(* Let $\mathcal T=(S,\Sigma,\kappa)$ be an STS and $B\in\Sigma$. Suppose $A\in\Sigma$ is an attractor, i.e., $\mathbb P^{\mathcal T}_\mu(\mathbf{GF}A)=1$ for every $\mu\in\mathrm{Dist}(S)$, and suppose there is $p>0$ such that for every $\nu\in\mathrm{Dist}(S)$ with $\nu(A\cap\overline{\widetilde B})=1$ we have $\mathbb P^{\mathcal T}_\nu(\mathbf F B)\ge p$. Then $\mathcal T$ is decisive with respect to $B$.
   Context: A stochastic transition system (STS) is a triple $\mathcal T=(S,\Sigma,\kappa)$ where $(S,\Sigma)$ is a measurable space and $\kappa:S\times\Sigma\to[0,1]$ is a Markov kernel. $\mathrm{Dist}(S)$: probability distributions on $(S,\Sigma)$; $\delta_s$: Dirac at $s$. $\mathbb P^{\mathcal T}_\mu$ is the probability measure on runs $S^\omega$ (with the $\sigma$-algebra generated by cylinders) induced by initial distribution $\mu$ and kernel $\kappa$. $\overline C=S\setminus C$; $\mathbf F B$: runs visiting $B$ at some step; $\mathbf{GF}A$: runs visiting $A$ infinitely often. $\widetilde B=\{s\in S:\mathbb P^{\mathcal T}_{\delta_s}(\mathbf F B)=0\}$ (assumed measurable). $\mathcal T$ is decisive w.r.t. $B$ if for every $\mu$, $\mathbb P^{\mathcal T}_\mu(\mathbf F B\vee\mathbf F\widetilde B)=1$. *)

From HB Require Import structures.
From mathcomp Require Import all_boot all_order all_algebra.
From mathcomp Require Import all_classical all_reals all_analysis.

Set Implicit Arguments.
Unset Strict Implicit.
Unset Printing Implicit Defensive.

Import Order.TTheory GRing.Theory Num.Theory.
Local Open Scope classical_set_scope.
Local Open Scope ring_scope.

Section STS.
Context d (S : measurableType d) (R : realType).

Definition run := nat -> S.

Definition cyl (n : nat) (As : nat -> set S) : set run :=
  [set w | forall i, (i <= n)%N -> As i (w i)].

Definition cylinders : set (set run) :=
  [set C | exists n (As : nat -> set S),
     (forall i, measurable (As i)) /\ C = cyl n As].

Definition runs := g_sigma_algebraType cylinders.

(** P is the run measure P_mu induced by the initial distribution mu and the
    Markov kernel k: initial law mu, and the one-step transition from w n
    to w (n+1) is given by k (w n), for every cylinder history. These
    equations determine P uniquely on the cylinder sigma-algebra. *)
Definition is_run_measure (k : R.-pker S ~> S) (mu : probability S R)
    (P : probability runs R) : Prop :=
  (forall A : set S, measurable A -> P [set w : runs | A (w 0%N)] = mu A) /\
  (forall (n : nat) (As : nat -> set S) (A : set S),
      (forall i, measurable (As i)) -> measurable A ->
      P (cyl n As `&` [set w : runs | A (w n.+1)]) =
      (\int[P]_(w in (cyl n As : set runs)) k (w n) A)%E).

Definition evF (B : set S) : set runs := [set w | exists n, B (w n)].

Definition evGF (A : set S) : set runs :=
  [set w | forall m, exists2 n, (m <= n)%N & A (w n)].

Definition tildeB (Pr : probability S R -> probability runs R) (B : set S)
  : set S := [set s | Pr (\d_s : probability S R) (evF B) = 0%E].

Definition decisive (Pr : probability S R -> probability runs R) (B : set S)
  : Prop :=
  forall mu : probability S R, Pr mu (evF B `|` evF (tildeB Pr B)) = 1%E.

End STS.

From HB Require Import structures.
From mathcomp Require Import all_boot all_order all_algebra.
From mathcomp Require Import all_classical all_reals all_analysis.
From mathcomp Require Import measurable_realfun zify lra.
Import Order.TTheory GRing.Theory Num.Theory.
Local Open Scope classical_set_scope.
Local Open Scope ring_scope.

Set Implicit Arguments.
Unset Strict Implicit.
Unset Printing Implicit Defensive.

(** Let Bt be the set of states from which B is almost surely never reached,
    T := A `&` ~` Bt and C := ~` B `&` ~` Bt.  Decisiveness w.r.t. B says that
    the event G C of staying in C forever is null.  Since A is an attractor,
    almost every run of G C visits T infinitely often.  Such a run has, for
    every m, a first visit to T after time m; conditioning on the history up
    to that visit, the current state is distributed according to some
    distribution concentrated on T, from which B is reached with probability
    at least p (Markov property).  Summing over the first-visit times gives
    P(G C) <= (1 - p) P(stay in C up to time m), hence P(G C) <= (1 - p) P(G C)
    in the limit, so P(G C) = 0. *)

Section cylinders.
Context d (S : measurableType d).

Definition evG (C : set S) : set (runs S) := [set w | forall i, C (w i)].

Lemma cyl_measurable n (As : nat -> set S) : (forall i, measurable (As i)) ->
  measurable (cyl n As : set (runs S)).
Proof. by move=> mAs; apply: sub_gen_smallest; exists n, As. Qed.

Lemma eq_cyl n (As Bs : nat -> set S) :
  (forall i, (i <= n)%N -> As i = Bs i) -> cyl n As = cyl n Bs.
Proof.
by move=> eqAB; apply/seteqP; split => w /= Hw i lin;
  [rewrite -eqAB | rewrite eqAB] => //; exact: Hw.
Qed.

Lemma cyl0 (As : nat -> set S) : cyl 0 As = [set w : run S | As 0%N (w 0%N)].
Proof.
apply/seteqP; split => w /=; first exact.
by move=> H i; rewrite leqn0 => /eqP ->.
Qed.

Lemma cylS n (As : nat -> set S) :
  cyl n.+1 As = cyl n As `&` [set w : run S | As n.+1 (w n.+1)].
Proof.
apply/seteqP; split => w /=.
  by move=> H; split => [i lin|]; apply: H => //; exact: leqW.
move=> [H1 H2] i; rewrite leq_eqVlt => /orP[/eqP ->//|]; rewrite ltnS; exact: H1.
Qed.

Definition set_at (As : nat -> set S) n (X : set S) : nat -> set S :=
  fun i => if i == n then As i `&` X else As i.

Lemma set_at_measurable (As : nat -> set S) n X :
  (forall i, measurable (As i)) -> measurable X ->
  forall i, measurable (set_at As n X i).
Proof.
by move=> mAs mX i; rewrite /set_at; case: ifP => _ //; exact: measurableI.
Qed.

Lemma setI_cyl_at n (As : nat -> set S) X :
  [set w : run S | X (w n)] `&` cyl n As = cyl n (set_at As n X).
Proof.
apply/seteqP; split => w /=.
  move=> [Xw H] i lin; rewrite /set_at; case: eqP => [->|_]; last exact: H.
  by split => //; exact: H.
move=> H; split; first by have := H n (leqnn n); rewrite /set_at eqxx => -[].
by move=> i lin; have := H i lin; rewrite /set_at; case: eqP => [_ []|].
Qed.

Lemma coord_measurable N : measurable_fun setT (fun w : runs S => w N).
Proof.
move=> _ X mX; rewrite setTI.
have -> : (fun w : runs S => w N) @^-1` X =
    cyl N (fun i => if i == N then X else setT).
  apply/seteqP; split => w /=; first by move=> Xw i _; case: eqP => [->|].
  by move=> H; have := H N (leqnn N); rewrite eqxx.
by apply: cyl_measurable => i; case: ifP.
Qed.

Lemma coord_preimage_measurable N (X : set S) : measurable X ->
  measurable [set w : runs S | X (w N)].
Proof. by move=> mX; have := coord_measurable N measurableT mX; rewrite setTI. Qed.

Lemma always_from_measurable n (C : set S) : measurable C ->
  measurable [set w : runs S | forall i, C (w (n + i)%N)].
Proof.
move=> mC; rewrite (_ : [set w | _] = \bigcap_i [set w : runs S | C (w (n + i)%N)]).
  by apply: bigcapT_measurable => i; exact: coord_preimage_measurable.
by apply/seteqP; split => w /= H i; [move=> _; exact: H | exact: H i Logic.I].
Qed.

Lemma evF_measurable (B : set S) : measurable B -> measurable (evF B : set (runs S)).
Proof.
move=> mB; rewrite (_ : evF B = \bigcup_i [set w : runs S | B (w i)]).
  by apply: bigcupT_measurable => i; exact: coord_preimage_measurable.
by apply/seteqP; split => w /= [i]; [exists i | move=> _ Bi; exists i].
Qed.

Lemma evGF_measurable (A : set S) : measurable A -> measurable (evGF A : set (runs S)).
Proof.
move=> mA; rewrite (_ : evGF A = \bigcap_m \bigcup_j [set w : runs S | A (w (m + j)%N)]).
  apply: bigcapT_measurable => m; apply: bigcupT_measurable => j.
  exact: coord_preimage_measurable.
apply/seteqP; split => w /= H m.
  by move=> _; have [n mn An] := H m; exists (n - m)%N; rewrite ?subnKC.
by have [j _ Aj] := H m Logic.I; exists (m + j)%N; rewrite ?leq_addr.
Qed.

Lemma cyl_nonincreasing (As : nat -> set S) :
  {homo (fun j => cyl j As : set (runs S)) : n m / (n <= m)%N >-> (n >= m)%O}.
Proof. by move=> a b ab; apply/subsetPset => w H i ia; apply: H; exact: leq_trans ia ab. Qed.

# What this task involves:
Restate word for word only the lines above from the line containing "Lemma eq_cyl n" to the line containing "by move=> H; split", both of them included.

# Exercise result:
Lemma eq_cyl n (As Bs : nat -> set S) :
  (forall i, (i <= n)%N -> As i = Bs i) -> cyl n As = cyl n Bs.
Proof.
by move=> eqAB; apply/seteqP; split => w /= Hw i lin;
  [rewrite -eqAB | rewrite eqAB] => //; exact: Hw.
Qed.

Lemma cyl0 (As : nat -> set S) : cyl 0 As = [set w : run S | As 0%N (w 0%N)].
Proof.
apply/seteqP; split => w /=; first exact.
by move=> H i; rewrite leqn0 => /eqP ->.
Qed.

Lemma cylS n (As : nat -> set S) :
  cyl n.+1 As = cyl n As `&` [set w : run S | As n.+1 (w n.+1)].
Proof.
apply/seteqP; split => w /=.
  by move=> H; split => [i lin|]; apply: H => //; exact: leqW.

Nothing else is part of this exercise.